Don’t be deceived by Covid stats – we know a lot less than the numbers suggest

There is a concept at least as old as computing itself — Charles Babbage, the father of the field, expressed the sentiment, if not the words themselves — ‘garbage in, garbage out’. The idea is not a complicated one: no matter how advanced the calculation machine, no matter how good the statistical model, no matter how intricate the formulae, if the data on the way in isn’t reliable, the calculation that comes out will be suspect at best — and is liable to be outright wrong. We are regularly told that figures for economic growth were wrong and have to be dramatically revised. So what hope do we have of predicting coronavirus?

There is no reason to doubt either the skill or the dedication of the academics working to produce figures and forecasts to shape the response to the virus. But we do risk being misled by bad data. The daily influx of statistics, of infections, of deaths etc starts to build for most of us a false impression. It suggests to us that coronavirus is knowable, that we understand what is happening, that we have a plan. This impression begins to erode the second we examine the bedrock upon which it is built. Even the most reliable-looking of the figures we see tells us far less than it should.

It only takes a second of thinking about numbers of new cases to know they cannot be comparable across countries: how can they, if the death rate for the same disease is supposed to be ten times higher in Italy than in Germany? The infection numbers will only ever be the tip of an iceberg. In the UK, officially only those being considered for admission to hospital are eligible for coronavirus testing — with even NHS front-line workers unable to get tested before that stage, even if certain celebrities, politicians and others seem to get tests without much struggle.

Other countries test any suspected coronavirus patient, and even some asymptomatic people who are suspected to have come in contact with the virus. Many countries test somewhere between those poles — meaning in practice we are comparing largely meaningless figures with one another, with little idea of the true scale of corona in any.

The swine flu drama had plenty of lessons. Around two months after the first recorded US case in the 2009 swine flu epidemic, it was estimated to have caused 87 US deaths, versus more than 1,000 at the equivalent point for coronavirus. But later estimates of US mortality from swine flu — still regarded more as a near-miss than a pandemic — estimated it killed between 8,000 and 18,000 Americans. Estimating the lethality of a new disease takes months or years, not days — but we need to make decisions now.

Incomplete and inconsistent data issues like this might be manageable if we knew more about the disease: how virulent is it, how many people infected show symptoms, how many of those get seriously ill, and how many of those die. Many flu strains, for example, are pretty familiar. But because this particular coronavirus — designated Covid-19 — is a new strain, we do not yet have reliable answers to any of these questions.

The people making the models are trying to navigate us through a storm in an entirely unknown ocean

Most popular

Patrick West

How political ideology corrupted science

We are caught in a cycle of ignorance. For a start, we need more tests and more reliable tests — at this stage, we don’t even know how well the tests being carried out work. We have good reason to believe quite a few of them simply don’t.

Then factor in that we also have good reason to believe that multiple countries are lying about their coronavirus cases and deaths.

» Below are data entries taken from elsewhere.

Lemma cluster_point_sum {z l} {s : J -> R} : cluster_point z l ->
  (forall e, 0 < e -> exists N, forall n, (N <= n)%N ->
     forall j, `|\sum_i z n i j - s j| <= e) ->
  forall j, \sum_i l i j = s j.
Proof.
move=> zl zs j; apply/eqP; rewrite -subr_eq0 -normr_le0.
apply/ler_addgt0Pr => e e0; rewrite add0r.
have nI : 0 <= #|I|%:R :> R by [].
have e2 : 0 < e / 2 by rewrite divr_gt0.
have [N close_s] := zs _ e2.
have [n Nn close_l] := zl (e / 2 / (#|I|%:R + 1)) (divr_gt0 e2 (ltr_wpDl nI ltr01)) N.
have := sum_dist_le (fun k => ltW (close_l k j)).
rewrite -[\sum_i l i j - s j](subrKA (\sum_i z n i j)) distrC => close_ln.
apply: le_trans (ler_normD _ _) _.
have : #|I|%:R * (e / 2 / (#|I|%:R + 1)) <= e / 2.
  by rewrite mulrA ler_pdivrMr ?ltr_wpDl //; nra.
have := close_s n Nn j; lra.
Qed.
End Cluster.

(** * Consumer surplus *)

Section ConsumerSurplus.
Context {R : realType} {I J : finType} {u : I -> (J -> R) -> \bar R} {g : J -> R}.

(* Trading y at x is the same as trading y + x - x' at x', so if x' is worse
   than x for everybody, every trade at x is worth at least as much at x'. *)
Lemma CS_le (x x' : I -> J -> R) :
  (forall j, \sum_i x i j = \sum_i x' i j) -> (forall i, (u i (x' i) <= u i (x i))%E) ->
  (CS u g x <= CS u g x')%E.
Proof.
move=> sum_eq x'x; apply: ge_ereal_sup => _ [y y0 <-].
pose y' i j := y i j + x i j - x' i j.
apply: (@le_trans _ _ (\sum_i Dfun (u i) g (x' i) (y' i))); last first.
  apply: ereal_sup_ubound; exists y' => //= j.
  by rewrite /y' sumrB big_split /= y0 sum_eq add0r subrr.
apply: lee_sum => i _; apply: ereal_sup_le => _ [r xr <-]; exists r => //=.
have -> : (fun j => x' i j + y' i j - r * g j) = (fun j => x i j + y i j - r * g j).
  by apply/funext => j; rewrite /y'; ring.
exact: le_trans (x'x i) xr.
Qed.

Lemma CS_ge0 {x : I -> J -> R} :
  (forall i (y : J -> R) (r : R), dom (u i) y -> 0 < r ->
     (u i y < u i (fun j => (y j + r * g j)%R))%E) ->
  (forall i, dom (u i) (x i)) -> (0 <= CS u g x)%E.
Proof.
move=> u_incr_g xd; apply: ereal_sup_ubound; exists (fun _ _ => 0) => /=.
  by move=> j; rewrite big1.
by rewrite big1 // => i _; rewrite (Dfun0 (u_incr_g i) (xd i)).
Qed.

End ConsumerSurplus.

(** * Bounded individually rational allocations *)

Section Norm1.
Context {R : realType} {I J : finType}.
Implicit Types (a : I -> J -> R).

Definition norm1 a : R := \sum_i \sum_j `|a i j|.

Lemma normr_le_norm1 a i j : `|a i j| <= norm1 a.
Proof.
rewrite /norm1 (bigD1 i) //= (bigD1 j) //= -addrA lerDl.
by rewrite addr_ge0 ?sumr_ge0 // => *; rewrite sumr_ge0.
Qed.

Lemma norm1_le_card {a} {e : R} : (forall i j, `|a i j| <= e) ->
  norm1 a <= #|I|%:R * #|J|%:R * e.
Proof.
move=> ae; rewrite -mulrA !mulr_natl -!sumr_const.
by apply: ler_sum => i _; apply: ler_sum => j _.
Qed.

Lemma norm1Zr a (c : R) : 0 <= c -> norm1 (fun i j => a i j * c) = norm1 a * c.
Proof.
move=> c0; rewrite /norm1 mulr_suml; apply: eq_bigr => i _.
by rewrite mulr_suml; apply: eq_bigr => j _; rewrite normrM (ger0_norm c0).
Qed.

Lemma unbounded_direction {z : nat -> I -> J -> R} :
  (forall n, n%:R < norm1 (z n)) ->
  exists2 l, l <> (fun _ _ => 0) & cluster_point (fun n i j => z n i j / norm1 (z n)) l.
Proof.
move=> z_gt; have z0 n : 0 < norm1 (z n) by apply: le_lt_trans (z_gt n).
pose d n i j := z n i j / norm1 (z n).
have d1 n : norm1 (d n) = 1 by rewrite norm1Zr ?invr_ge0 ?ltW // divff ?gt_eqF.
have [l dl] : exists l, cluster_point d l.
  apply: (@bounded_cluster_point _ _ _ _ 1) => n i j.
  by rewrite -(d1 n); exact: normr_le_norm1.
exists l => // l0; move: dl; rewrite l0 => dl.
pose c : R := #|I|%:R * #|J|%:R.
have c0 : 0 <= c by rewrite mulr_ge0.
have [n _ small] := dl (1 / (c + 1)) (divr_gt0 ltr01 (ltr_wpDl c0 ltr01)) 0%N.
have d_small i j : `|d n i j| <= 1 / (c + 1) by move: (small i j); rewrite subr0 => /ltW.
have := norm1_le_card d_small.
rewrite d1 -/c mulrA ler_pdivlMr ?ltr_wpDl //; lra.
Qed.
Theorem mainTheorem1 (K : fieldType) (L V : lmodType K)
    (delta : L -> L -> L) (al be : L -> L) (aV bV : V -> V)
    (d : (L * V)%type -> (L * V)%type -> (L * V)%type) :
  BiHomLie delta al be ->
  BiHomLie (@zero_br K V) aV bV ->
  is_bilin d ->
  (BiHomLie d (sum_map al aV) (sum_map be bV) /\
   is_extension delta al be (@zero_br K V) aV bV d (sum_map al aV) (sum_map be bV)
     (fun v : V => ((0 : L), v)) (fun m : (L * V)%type => m.1))
  <->
  (exists (ll : L -> V -> V) (lr : V -> L -> V) (th : L -> L -> V),
     (is_bilin ll) /\ (is_bilin lr) /\ (is_bilin th) /\
         ((forall (x y : L) (v w : V),
            d (x, v) (y, w) = (delta x y, th x y + ll x w + lr v y))) /\
         (is_representation delta al be aV bV ll lr) /\
         (is_2cocycle delta al be ll th)).
Proof.
move=> hL hV d_bilin; have [_ [aV_lin [bV_lin [aV_bV _]]]] := hV.
split=> [[hM /(split_is_extensionE hV hM hL) [d_fst d_V0]] | ].
  pose ll x w := (d (x, 0) (0, w)).2.
  pose lr v y := (d (0, v) (y, 0)).2.
  pose th x y := (d (x, 0) (y, 0)).2.
  have ll_bilin : is_bilin ll := is_bilin_comp d_bilin is_lin_inl is_lin_inr is_lin_snd.
  have lr_bilin : is_bilin lr := is_bilin_comp d_bilin is_lin_inr is_lin_inl is_lin_snd.
  have th_bilin : is_bilin th := is_bilin_comp d_bilin is_lin_inl is_lin_inl is_lin_snd.
  have dE := split_bracket_decomposition d_bilin d_fst d_V0.
  have [rep coc] := (BiHomLie_split_bracketE dE d_bilin hL ll_bilin lr_bilin th_bilin
    aV_lin bV_lin aV_bV).1 hM.
  by exists ll, lr, th.
move=> [ll [lr [th [ll_bilin [lr_bilin [th_bilin [dE [rep coc]]]]]]]].
have hM := (BiHomLie_split_bracketE dE d_bilin hL ll_bilin lr_bilin th_bilin
  aV_lin bV_lin aV_bV).2 (conj rep coc).
split=> //; apply/(split_is_extensionE hV hM hL); split=> [[x v] [y w] | v w].
  by rewrite dE.
have [delta_bilin _] := hL.
rewrite dE (bilin0l delta_bilin) (bilin0l th_bilin) (bilin0l ll_bilin).
by rewrite (bilin0r lr_bilin) !addr0.
Qed.
(* Let $\mathcal{H}$ be a connected $Moor$-bialgebra. Then $\mathcal{H}$ is generated, as a $Moor$-algebra, by its primitive elements $\ker\Delta$. Moreover, $\ker\Delta=\mathcal{H}_1$.
   Context: $K$ is a field of characteristic zero; $\tau$ is the flip map. A $Moor$-bialgebra is a graded vector space $\mathcal{H}=\bigoplus_{p>0}\mathcal{H}_p$ with a bilinear operation $\prec$ satisfying $\mathcal{H}_p\prec\mathcal{H}_q\subseteq\mathcal{H}_{p+q}$, $(x\prec y)\prec z=(x\prec z)\prec y$ and $x\prec(y\prec z)=0$, together with a linear map $\Delta:\mathcal{H}\to\mathcal{H}\otimes\mathcal{H}$ (Sweedler notation $\Delta(x)=x_{(1)}\otimes x_{(2)}$) satisfying $(\mathrm{id}\otimes\Delta)\Delta=0$, $(\Delta\otimes\mathrm{id})\Delta=(\mathrm{id}\otimes\tau)(\Delta\otimes\mathrm{id})\Delta$, and $\Delta(x\prec y)=x\otimes e(y)+(x_{(1)}\prec y)\otimes x_{(2)}$ for all $x,y$, where $e:\mathcal{H}\to\mathcal{H}_1$ is the canonical projection. Primitive elements are the elements of $\ker\Delta$. Set $\Delta^{(1)}=\Delta$ and $\Delta^{(r)}=(\Delta\otimes\mathrm{id}^{\otimes(r-1)})\Delta^{(r-1)}$. The $Moor$-bialgebra is connected if $\ker\Delta\subseteq\mathcal{H}_1$ and $\mathcal{H}=\bigcup_{r\geq 1}\ker\Delta^{(r)}$. *)

From HB Require Import structures.
From mathcomp Require Import all_boot all_order all_algebra.
Set Implicit Arguments.
Unset Strict Implicit.
Unset Printing Implicit Defensive.
Import GRing.Theory.
Local Open Scope ring_scope.

(* Convention: an element of the n-fold tensor power
   H^{(x) n} is represented by a finite list of n-lists [a_1;...;a_n],
   standing for the sum of the pure tensors a_1 (x) ... (x) a_n.
   Two such representatives denote the same tensor iff they agree under
   every family of linear functionals f_1,...,f_n : H -> K
   (sum of f_1(a_1)...f_n(a_n)); over a field this is exactly equality
   in the tensor product. *)

Section Moor.
Variables (K : fieldType) (H : lmodType K).

Definition tensor := seq (seq H).

Definition tens_eval (fs : nat -> {scalar H}) (s : tensor) : K :=
  \sum_(t <- s) \prod_(i < size t) fs i (nth 0 t i).

Definition tensor_eq (s t : tensor) : Prop :=
  forall fs : nat -> {scalar H}, tens_eval fs s = tens_eval fs t.

Definition tens2 (s : seq (H * H)) : tensor := [seq [:: p.1; p.2] | p <- s].

(* Graded vector space H = (+)_{p>0} H_p, encoded by the family of
   canonical projections pr p : H -> H_p. *)
Definition graded (pr : nat -> {linear H -> H}) : Prop :=
  [/\ (forall p q x, pr p (pr q x) = if p == q then pr p x else 0),
      (forall x, pr 0 x = 0) &
      (forall x, exists N, x = \sum_(p < N) pr p x)].

Definition homog (pr : nat -> {linear H -> H}) (p : nat) (x : H) : Prop :=
  pr p x = x.

Definition moor_algebra (pr : nat -> {linear H -> H}) (prec : H -> H -> H) : Prop :=
  [/\ (forall a x y z, prec (a *: x + y) z = a *: prec x z + prec y z),
      (forall a x y z, prec z (a *: x + y) = a *: prec z x + prec z y),
      (forall p q x y, homog pr p x -> homog pr q y -> homog pr (p + q) (prec x y)),
      (forall x y z, prec (prec x y) z = prec (prec x z) y) &
      (forall x y z, prec x (prec y z) = 0)].

Definition delta_linear (Delta : H -> seq (H * H)) : Prop :=
  forall a x y, tensor_eq (tens2 (Delta (a *: x + y)))
    ([seq [:: a *: p.1; p.2] | p <- Delta x] ++ tens2 (Delta y)).

(* (id (x) Delta) Delta x *)
Definition id_delta_delta (Delta : H -> seq (H * H)) (x : H) : tensor :=
  [seq [:: p.1; q.1; q.2] | p <- Delta x, q <- Delta p.2].

(* (Delta (x) id) Delta x *)
Definition delta_id_delta (Delta : H -> seq (H * H)) (x : H) : tensor :=
  [seq [:: q.1; q.2; p.2] | p <- Delta x, q <- Delta p.1].

(* (id (x) tau) (Delta (x) id) Delta x *)
Definition flip_delta_id_delta (Delta : H -> seq (H * H)) (x : H) : tensor :=
  [seq [:: q.1; p.2; q.2] | p <- Delta x, q <- Delta p.1].
(* Model of the n-star Gamma_n (all edges of length 1):
   - [None] is the central vertex v;
   - [Some (r, t)] with r < n and 0 <= t < 1 is the point of edge e_r at
     distance t from the initial (valence-1) vertex of e_r (t = 0 is that
     vertex; t -> 1 approaches v). *)
Definition point (R : realType) := option (nat * R).

Definition valid (R : realType) (n : nat) (x : point R) : Prop :=
  match x with
  | None => True
  | Some (r, t) => (r < n)%N /\ 0 <= t /\ t < 1
  end.

Definition mkpt (R : realType) (r : nat) (t : R) : point R :=
  if t < 1 then Some (r, t) else None.

Definition coord (R : realType) (x : point R) : R :=
  match x with None => 1 | Some (_, t) => t end.

Definition in_edge (R : realType) (r : nat) (x : point R) : Prop :=
  match x with None => True | Some (r', _) => r' = r end.

Definition dist (R : realType) (x y : point R) : R :=
  match x, y with
  | Some (r, t), Some (r', t') =>
      if r == r' then `|t - t'| else (1 - t) + (1 - t')
  | _, _ => (1 - coord x) + (1 - coord y)
  end.

(* The tree map f_{m/n}.  f(e_0) = e_0 ebar_1 e_1 ... ebar_m e_m: e_0 is cut
   into 2m+1 equal pieces, piece k (0 <= k <= 2m) being mapped affinely onto
   e_0 (k = 0), onto ebar_j (k = 2j-1) or onto e_j (k = 2j, j >= 1).
   f(e_r) = e_{r + m mod n} isometrically for r <> 0; f(v) = v. *)
Definition fmn (R : realType) (m n : nat) (x : point R) : point R :=
  match x with
  | None => None
  | Some (r, t) =>
      if r != 0%N then mkpt ((r + m) %% n) t
      else
        let s := (m.*2.+1)%:R * t in
        let k := Num.truncn s in
        let u := s - k%:R in
        if k == 0%N then mkpt 0 u
        else if odd k then mkpt k.+1./2 (1 - u)
        else mkpt k./2 u
  end.

Definition periodic_orbit (R : realType) (m n : nat) (P : point R -> Prop) :=
  exists x : point R, valid n x /\
    (exists k, (0 < k)%N /\ iter k (fmn m n) x = x) /\
    (forall y, P y <-> exists j, y = iter j (fmn m n) x).

Definition closest (R : realType) (P : point R -> Prop) (r : nat) (x : point R) :=
  P x /\ in_edge r x /\
  forall y, P y -> in_edge r y -> coord x <= coord y.

Definition star_orbit (R : realType) (m n : nat) (P : point R -> Prop) : Prop :=
  [/\ periodic_orbit m n P,
      ~ (forall y, P y <-> y = None),
      (forall r, (r < n)%N -> exists x, P x /\ in_edge r x),
      (exists x, [/\ P x, in_edge 0 x & ~ in_edge m (fmn m n x)])
    & (forall r, (0 < r < n)%N -> forall x,
                   closest P r x -> closest P ((r + m) %% n) (fmn m n x))].

Definition open_in (R : realType) (n : nat) (U : point R -> Prop) : Prop :=
  forall x, valid n x -> U x ->
    exists2 e : R, 0 < e &
      forall y, valid n y -> dist x y < e -> U y.

Definition connected_in (R : realType) (n : nat) (A : point R -> Prop) : Prop :=
  forall U V : point R -> Prop, open_in n U -> open_in n V ->
    (forall x, A x -> U x \/ V x) ->
    (forall x, ~ [/\ A x, U x & V x]) ->
    (forall x, A x -> U x) \/ (forall x, A x -> V x).

Definition tspan (R : realType) (n : nat) (P : point R -> Prop) (y : point R) : Prop :=
  valid n y /\
  forall A : point R -> Prop, (forall x, A x -> valid n x) ->
    connected_in n A -> (forall x, P x -> A x) -> A y.

From Pilot Require Import Defs.
From HB Require Import structures.
From mathcomp Require Import all_boot all_order all_algebra.
From mathcomp Require Import reals boolp.
From mathcomp Require Import lra zify.
Set Implicit Arguments. Unset Strict Implicit. Unset Printing Implicit Defensive.
Import Order.TTheory GRing.Theory Num.Theory.

(* For a star-orbit P the points of P closest to the initial vertices of the
   edges all lie at one common distance c_P from those vertices: condition (d)
   transports the closest point of e_r to that of e_(r+m) along the isometry
   f : e_r -> e_(r+m), and as m is coprime to n these shifts connect every
   edge to e_0.  So P lies in the star {coord >= c_P} and contains its n
   boundary points.  Every connected set containing these n points contains
   the whole star (otherwise a level set of the distance to an initial vertex
   would disconnect it), hence the span of P contains the span of any orbit Q
   with c_P <= c_Q. *)

Lemma iter_period_mul (T : Type) (f : T -> T) (x : T) (k a : nat) :
  iter k f x = x -> iter (a * k) f x = x.
Proof. by move=> fx; rewrite iterM iter_fix. Qed.

Lemma iter_period_mod (T : Type) (f : T -> T) (x : T) (k j : nat) :
  iter k f x = x -> iter j f x = iter (j %% k) f x.
Proof. by move=> fx; rewrite {1}(divn_eq j k) addnC iterD iter_period_mul. Qed.

Lemma iter_period_fixpoint (T : Type) (f : T -> T) (v x : T) (k j : nat) :
  0 < k -> f v = v -> iter k f x = x -> iter j f x = v -> x = v.
Proof.
move=> k0 fv fx fjx; rewrite -(iter_period_mul j fx) -(subnK (leq_pmulr j k0)).
by rewrite iterD fjx iter_fix.
Qed.

Lemma coprime_mul_mod_onto (m n r : nat) :
  coprime m n -> 0 < n -> exists j, j * m = r %[mod n].
Proof.
move=> cop n0; have [a _] := Bezoutr m n0; rewrite (eqP cop) => dv.
have r_lt := ltn_pmod r n0.
exists ((n - r %% n) * a).
have : n %| (n - r %% n) * a * m + (n - r %% n).
  by rewrite -mulnA -{2}(muln1 (n - _)) -mulnDr addnC dvdn_mull.
rewrite /dvdn => /eqP h.
rewrite -(modnDr _ n).
have -> : (n - r %% n) * a * m + n = (n - r %% n) * a * m + (n - r %% n) + r %% n.
  by lia.
by rewrite -modnDml h add0n modn_mod.
Qed.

It is a simple statement of fact that China covered up coronavirus in its early stages, downplayed the outbreak and wasted valuable time. Outside reporting suggests Wuhan deaths could be ten or more times higher than the government figures. Now that China has reversed its lockdown, further outbreaks would suggest that the party had handled the crisis badly. That would be covered up.

China is hardly alone. Russia, which had been seeking to hold a referendum granting President Putin sweeping new powers, claimed just two weeks ago to have coronavirus under control. Not long afterwards, Putin compromised with reality and initiated a lockdown so strict that no citizen is allowed more than 100 metres from his home. Other countries, to greater or lesser extents, also have incentives to misreport their figures.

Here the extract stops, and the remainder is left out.